If a line of the entries below includes the word "islinD", it counts; state the total and nothing further.

[Saved entries]

Content starts

(* Let $(H,B_1,B_2)$ be a Rota-Baxter system of Hopf algebras with descendent operation $\circ$ and cocycle $\sigma$. Then $(H,\cdot,\circ)$ is a Hopf truss with cocycle $\sigma$.
   Context: $\mathbb{F}$ is a field of characteristic $0$; Sweedler notation $\Delta(a)=a_1\otimes a_2$. A Rota-Baxter system of Hopf algebras is a triple $(H,B_1,B_2)$ where $(H,\cdot,1,\Delta,\epsilon,S)$ is a cocommutative Hopf algebra and $B_1,B_2:H\to H$ are coalgebra homomorphisms with $B_1(1)=B_2(1)=1$ such that for all $a,b\in H$: $B_1(a)B_1(b)=B_1(B_1(a_1)bS(B_2(a_2)))$ and $B_2(a)B_2(b)=B_2(B_1(a_1)bS(B_2(a_2)))$. Its descendent operation is $a\circ b=B_1(a_1)bS(B_2(a_2))$ and cocycle $\sigma(a)=B_1(a_1)S(B_2(a_2))$. Given a Hopf algebra $(H,\cdot,1,\Delta,\epsilon,S)$ and a binary operation $\circ$ on $H$ making $(H,\circ,\Delta,\epsilon)$ a (not necessarily unital) bialgebra (i.e. $\circ$ is associative and $\Delta,\epsilon$ are multiplicative for $\circ$), $(H,\cdot,\circ)$ is a Hopf truss with cocycle $\sigma$ if $\sigma:H\to H$ is a coalgebra homomorphism and $a\circ(bc)=(a_1\circ b)S(\sigma(a_2))(a_3\circ c)$ for all $a,b,c\in H$. *)

From HB Require Import structures.
From mathcomp Require Import all_boot all_order all_algebra.
Set Implicit Arguments. Unset Strict Implicit. Unset Printing Implicit Defensive.
Import Order.TTheory GRing.Theory Num.Theory.
Local Open Scope ring_scope.

(* MathComp has no tensor product of abstract
   vector spaces, so an element  sum_i x_i (x) y_i  of H (x) H is represented
   by a finite list of pairs [:: (x_i, y_i)], and two such lists denote the
   same tensor iff every bilinear map into every F-vector space takes the same
   value on them (this is exactly equality in H (x) H, by the universal
   property).  Likewise for H (x) H (x) H with trilinear maps.
   The coproduct  Delta a = a_1 (x) a_2  is a function  delta : H -> seq (H*H)
   and Sweedler sums  f(a_1, a_2)  are  \sum_(p <- delta a) f p.1 p.2. *)

Section HopfDefs.
Variables (F : fieldType) (H : algType F).

Definition islin (W : lmodType F) (g : H -> W) : Prop :=
  forall (k : F) (u v : H), g (k *: u + v) = k *: g u + g v.

Definition bilin (W : lmodType F) (f : H -> H -> W) : Prop :=
  (forall y, islin (fun x => f x y)) /\ (forall x, islin (f x)).

Definition trilin (W : lmodType F) (f : H -> H -> H -> W) : Prop :=
  (forall y z, islin (fun x => f x y z)) /\ (forall x z, islin (fun y => f x y z))
  /\ (forall x y, islin (f x y)).

Definition teq2 (s t : seq (H * H)) : Prop :=
  forall (W : lmodType F) (f : H -> H -> W), bilin f ->
    \sum_(p <- s) f p.1 p.2 = \sum_(p <- t) f p.1 p.2.

Definition teq3 (s t : seq (H * H * H)) : Prop :=
  forall (W : lmodType F) (f : H -> H -> H -> W), trilin f ->
    \sum_(p <- s) f p.1.1 p.1.2 p.2 = \sum_(p <- t) f p.1.1 p.1.2 p.2.

Definition eps_lin (eps : H -> F) : Prop :=
  forall (k : F) (u v : H), eps (k *: u + v) = k * eps u + eps v.

Definition delta3l (delta : H -> seq (H * H)) (a : H) : seq (H * H * H) :=
  flatten [seq [seq (q.1, q.2, p.2) | q <- delta p.1] | p <- delta a].
Definition delta3r (delta : H -> seq (H * H)) (a : H) : seq (H * H * H) :=
  flatten [seq [seq (p.1, q.1, q.2) | q <- delta p.2] | p <- delta a].

Record is_hopf (delta : H -> seq (H * H)) (eps : H -> F) (S : H -> H) : Prop := {
  hopf_delta_lin : forall (k : F) (a b : H),
    teq2 (delta (k *: a + b)) ([seq (k *: p.1, p.2) | p <- delta a] ++ delta b);
  hopf_eps_lin : eps_lin eps;
  hopf_coassoc : forall a, teq3 (delta3l delta a) (delta3r delta a);
  hopf_counitl : forall a, \sum_(p <- delta a) eps p.1 *: p.2 = a;
  hopf_counitr : forall a, \sum_(p <- delta a) eps p.2 *: p.1 = a;
  hopf_delta_mul : forall a b,
    teq2 (delta (a * b)) [seq (p.1 * q.1, p.2 * q.2) | p <- delta a, q <- delta b];
  hopf_delta_one : teq2 (delta 1) [:: (1, 1)];
  hopf_eps_mul : forall a b, eps (a * b) = eps a * eps b;
  hopf_eps_one : eps 1 = 1;
  hopf_S_lin : islin S;
  hopf_antipodel : forall a, \sum_(p <- delta a) S p.1 * p.2 = eps a *: 1;
  hopf_antipoder : forall a, \sum_(p <- delta a) p.1 * S p.2 = eps a *: 1
}.

Definition cocommutative (delta : H -> seq (H * H)) : Prop :=
  forall a, teq2 (delta a) [seq (p.2, p.1) | p <- delta a].

Definition coalg_hom (delta : H -> seq (H * H)) (eps : H -> F) (B : H -> H) : Prop :=
  [/\ islin B,
      forall a, teq2 (delta (B a)) [seq (B p.1, B p.2) | p <- delta a]
    & forall a, eps (B a) = eps a].

Definition descendent (delta : H -> seq (H * H)) (S B1 B2 : H -> H) (a b : H) : H :=
  \sum_(p <- delta a) B1 p.1 * b * S (B2 p.2).

Definition rbs_cocycle (delta : H -> seq (H * H)) (S B1 B2 : H -> H) (a : H) : H :=
  \sum_(p <- delta a) B1 p.1 * S (B2 p.2).

Record is_RBsystem (delta : H -> seq (H * H)) (eps : H -> F) (S B1 B2 : H -> H)
  : Prop := {
  rbs_hopf : is_hopf delta eps S;
  rbs_cocomm : cocommutative delta;
  rbs_B1_hom : coalg_hom delta eps B1;
  rbs_B2_hom : coalg_hom delta eps B2;
  rbs_B1_one : B1 1 = 1;
  rbs_B2_one : B2 1 = 1;
  rbs_B1_eq : forall a b, B1 a * B1 b = B1 (descendent delta S B1 B2 a b);
  rbs_B2_eq : forall a b, B2 a * B2 b = B2 (descendent delta S B1 B2 a b)
}.

Record is_hopf_truss (delta : H -> seq (H * H)) (eps : H -> F) (S : H -> H)
  (circ : H -> H -> H) (sig : H -> H) : Prop := {
  truss_hopf : is_hopf delta eps S;
  (* (H, o, delta, eps) is a (not necessarily unital) bialgebra *)
  truss_circ_bilin : bilin circ;
  truss_circ_assoc : forall a b c, circ a (circ b c) = circ (circ a b) c;
  truss_delta_circ : forall a b,
    teq2 (delta (circ a b)) [seq (circ p.1 q.1, circ p.2 q.2) | p <- delta a, q <- delta b];
  truss_eps_circ : forall a b, eps (circ a b) = eps a * eps b;
  truss_sig_hom : coalg_hom delta eps sig;
  truss_eq : forall a b c,
    circ a (b * c) = \sum_(p <- delta3l delta a) circ p.1.1 b * S (sig p.1.2) * circ p.2 c
}.

End HopfDefs.

From HB Require Import structures.
From mathcomp Require Import all_boot all_order all_algebra.
Import GRing.Theory.
Local Open Scope ring_scope.
Set Implicit Arguments. Unset Strict Implicit.

(* Write [a o b = B1(a_1) b S(B2(a_2))].  The antipode reverses products and coproducts,
   so for cocommutative [H] the maps [Delta] and [eps] are multiplicative for [o]; the
   Rota-Baxter identities say that [B1] and [B2] turn [o] into the product, which with
   [S(xy) = S(y) S(x)] gives associativity of [o].  The cocycle is [sigma(a) = a o 1], hence
   a coalgebra map, and [sigma(a_1) B2(a_2) = B1(a)] yields [S(sigma(a_1)) B1(a_2) = B2(a)].
   In [(a_1 o b) S(sigma(a_2)) (a_3 o c)] this turns the middle factors
   [S(B2(a_2)) S(sigma(a_3)) B1(a_4)] into [S(B2(a_2)) B2(a_3)], and the antipode and counit
   axioms leave [B1(a_1) b c S(B2(a_2)) = a o (b c)]. *)

Section Linearity.
Variables (F : fieldType) (H : algType F).
Implicit Types W : lmodType F.

Lemma islin0 W (f : H -> W) : islin f -> f 0 = 0.
Proof.
move=> hf; have := hf 1 0 0; rewrite !scale1r addr0.
by rewrite -{1}[f 0]addr0 => /addrI <-.
Qed.

Lemma islinD W (f : H -> W) u v : islin f -> f (u + v) = f u + f v.
Proof. by move=> hf; rewrite -{1}[u]scale1r hf scale1r. Qed.

Lemma islinZ W (f : H -> W) k u : islin f -> f (k *: u) = k *: f u.
Proof. by move=> hf; rewrite -[k *: u]addr0 hf islin0 // addr0. Qed.

Lemma islin_sum W (f : H -> W) I (s : seq I) (P : pred I) (G : I -> H) :
  islin f -> f (\sum_(i <- s | P i) G i) = \sum_(i <- s | P i) f (G i).
Proof. by move=> hf; apply: big_morph => [u v|]; [apply: islinD | apply: islin0]. Qed.

Lemma islin_id : islin (fun x : H => x). Proof. by []. Qed.

Lemma islin_comp W (L : H -> W) (f : H -> H) :
  islin L -> islin f -> islin (fun x => L (f x)).
Proof. by move=> hL hf k u v; rewrite hf hL. Qed.

Lemma islin_mulr (f : H -> H) (c : H) : islin f -> islin (fun x => f x * c).
Proof. by move=> hf k u v; rewrite hf mulrDl scalerAl. Qed.

Lemma islin_mull (c : H) (f : H -> H) : islin f -> islin (fun x => c * f x).
Proof. by move=> hf k u v; rewrite hf mulrDr scalerAr. Qed.

Lemma islin_scale W (k : F) (f : H -> W) : islin f -> islin (fun x => k *: f x).
Proof. by move=> hf k' u v; rewrite hf scalerDr !scalerA mulrC. Qed.

Lemma islin_add W (f g : H -> W) : islin f -> islin g -> islin (fun x => f x + g x).
Proof. by move=> hf hg k u v; rewrite hf hg scalerDr addrACA. Qed.

Lemma islin_sum_fun W I (s : seq I) (G : I -> H -> W) :
  (forall i, islin (G i)) -> islin (fun x => \sum_(i <- s) G i x).
Proof.
by move=> hG k u v; rewrite scaler_sumr -big_split; apply: eq_bigr => i _; apply: hG.
Qed.

Lemma islin_compl W (f : H -> H -> W) (g : H -> H) c :
  (forall y, islin (fun x => f x y)) -> islin g -> islin (fun x => f (g x) c).
Proof. by move=> hf hg k u v; rewrite hg hf. Qed.

Lemma islin_compr W (f : H -> H -> W) (g : H -> H) c :
  (forall x, islin (f x)) -> islin g -> islin (fun y => f c (g y)).
Proof. by move=> hf hg k u v; rewrite hg hf. Qed.

Definition quadrilin W (g : H -> H -> H -> H -> W) :=
  [/\ forall y z w, islin (fun x => g x y z w), forall x z w, islin (fun y => g x y z w),
      forall x y w, islin (fun z => g x y z w) & forall x y z, islin (g x y z)].

Definition quintilin W (g : H -> H -> H -> H -> H -> W) :=
  [/\ forall y z w t, islin (fun x => g x y z w t),
      forall x z w t, islin (fun y => g x y z w t),
      forall x y w t, islin (fun z => g x y z w t),
      forall x y z t, islin (fun w => g x y z w t)
    & forall x y z w, islin (g x y z w)].

End Linearity.

Section HopfAlgebra.
Variables (F : fieldType) (H : algType F).
Variables (delta : H -> seq (H * H)) (eps : H -> F) (S : H -> H).
Hypothesis hopfH : is_hopf delta eps S.
Implicit Types W : lmodType F.

Definition Sw W (a : H) (f : H -> H -> W) : W := \sum_(p <- delta a) f p.1 p.2.

Lemma eq_Sw W a (f g : H -> H -> W) : (forall x y, f x y = g x y) -> Sw a f = Sw a g.
Proof. by move=> e; apply: eq_bigr => p _; apply: e. Qed.

Lemma exchange_Sw W a b (g : H -> H -> H -> H -> W) :
  Sw a (fun x y => Sw b (fun u v => g x y u v)) = Sw b (fun u v => Sw a (fun x y => g x y u v)).
Proof. exact: exchange_big. Qed.

Lemma Sw_mull a c (f : H -> H -> H) : Sw a (fun x y => c * f x y) = c * Sw a f.
Proof. by rewrite /Sw mulr_sumr. Qed.

Lemma Sw_mulr a c (f : H -> H -> H) : Sw a (fun x y => f x y * c) = Sw a f * c.
Proof. by rewrite /Sw mulr_suml. Qed.

Lemma Sw_scale W a k (f : H -> H -> W) : Sw a (fun x y => k *: f x y) = k *: Sw a f.
Proof. by rewrite /Sw scaler_sumr. Qed.

Lemma Sw_lin W (L : H -> W) a (f : H -> H -> H) :
  islin L -> Sw a (fun x y => L (f x y)) = L (Sw a f).
Proof. by move=> hL; rewrite /Sw islin_sum. Qed.

Let eps_islin : islin (eps : H -> F^o). Proof. exact: (hopf_eps_lin hopfH). Qed.
Let hS : islin S := hopf_S_lin hopfH.
Let eps1 : eps 1 = 1 := hopf_eps_one hopfH.
Let epsM : forall a b, eps (a * b) = eps a * eps b := hopf_eps_mul hopfH.

Lemma eps_sum I (s : seq I) (G : I -> H) : eps (\sum_(i <- s) G i) = \sum_(i <- s) eps (G i).
Proof. exact: (islin_sum _ _ _ eps_islin). Qed.

Lemma eps_scale k u : eps (k *: u) = k * eps u.
Proof. exact: (islinZ _ _ eps_islin). Qed.

Lemma islin_epsZ W (f : H -> H) (c : W) : islin f -> islin (fun x => eps (f x) *: c).
Proof. by move=> hf k u v; rewrite hf (hopf_eps_lin hopfH) scalerDl scalerA. Qed.

Lemma Sw_islin W (f : H -> H -> W) : bilin f -> islin (fun a => Sw a f).
Proof.
move=> hf k a b; rewrite /Sw (hopf_delta_lin hopfH k a b hf); case: hf => hf1 _.
rewrite big_cat big_map /= scaler_sumr; congr (_ + _); apply: eq_bigr => p _.
exact: (islinZ k p.1 (hf1 p.2)).
Qed.

Lemma Sw_Sw W a (g : H -> H -> H) (f : H -> H -> W) : bilin f ->
  Sw (Sw a g) f = Sw a (fun x y => Sw (g x y) f).
Proof. by move=> hf; apply: (islin_sum _ _ _ (Sw_islin hf)). Qed.

Lemma islin_Sw W (g : H -> H -> W) (f : H -> H) :
  bilin g -> islin f -> islin (fun x => Sw (f x) g).
Proof. by move=> hg; apply: (islin_comp (L := fun a => Sw a g)); apply: Sw_islin. Qed.

Lemma islin_Sw_fun W a (g : H -> H -> H -> W) :
  (forall u v, islin (g u v)) -> islin (fun z => Sw a (fun u v => g u v z)).
Proof. by move=> hg; apply: islin_sum_fun => p; apply: hg. Qed.

Ltac lin :=
  cbv beta;
  first
  [ assumption
  | exact: islin_id
  | apply: islin_add; [lin | lin]
  | apply: islin_mulr; lin
  | apply: islin_mull; lin
  | apply: islin_scale; lin
  | apply: islin_epsZ; lin
  | apply: islin_Sw; [split; intros; lin | lin]
  | apply: islin_Sw_fun => ? ?; lin
  | apply: islin_sum_fun => ?; lin
  | apply: islin_comp; [assumption | lin]
  | apply: islin_compl; [assumption | lin]
  | apply: islin_compr; [assumption | lin]
  | match goal with h : forall _, _ |- _ => apply: h end ].

Ltac multilin := repeat split; intros; lin.

(* [Sw4 a g] is [g a_1 a_2 a_3 a_4], reached by always splitting the last tensor factor;
   by coassociativity, [Swn_split_i] splits the i-th factor instead. *)
Definition Sw3 W a (g : H -> H -> H -> W) := Sw a (fun x y => Sw y (fun u v => g x u v)).
Definition Sw4 W a (g : H -> H -> H -> H -> W) := Sw3 a (fun x y z => Sw z (fun u v => g x y u v)).
Definition Sw5 W a (g : H -> H -> H -> H -> H -> W) :=
  Sw4 a (fun x y z w => Sw w (fun u v => g x y z u v)).

Lemma eq_Sw3 W a (f g : H -> H -> H -> W) :
  (forall x y z, f x y z = g x y z) -> Sw3 a f = Sw3 a g.
Proof. by move=> e; apply: eq_Sw => x y; apply: eq_Sw => u v; apply: e. Qed.

Lemma eq_Sw4 W a (f g : H -> H -> H -> H -> W) :
  (forall x y z w, f x y z w = g x y z w) -> Sw4 a f = Sw4 a g.
Proof. by move=> e; apply: eq_Sw3 => x y z; apply: eq_Sw => u v; apply: e. Qed.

Content ends

Answer section: 2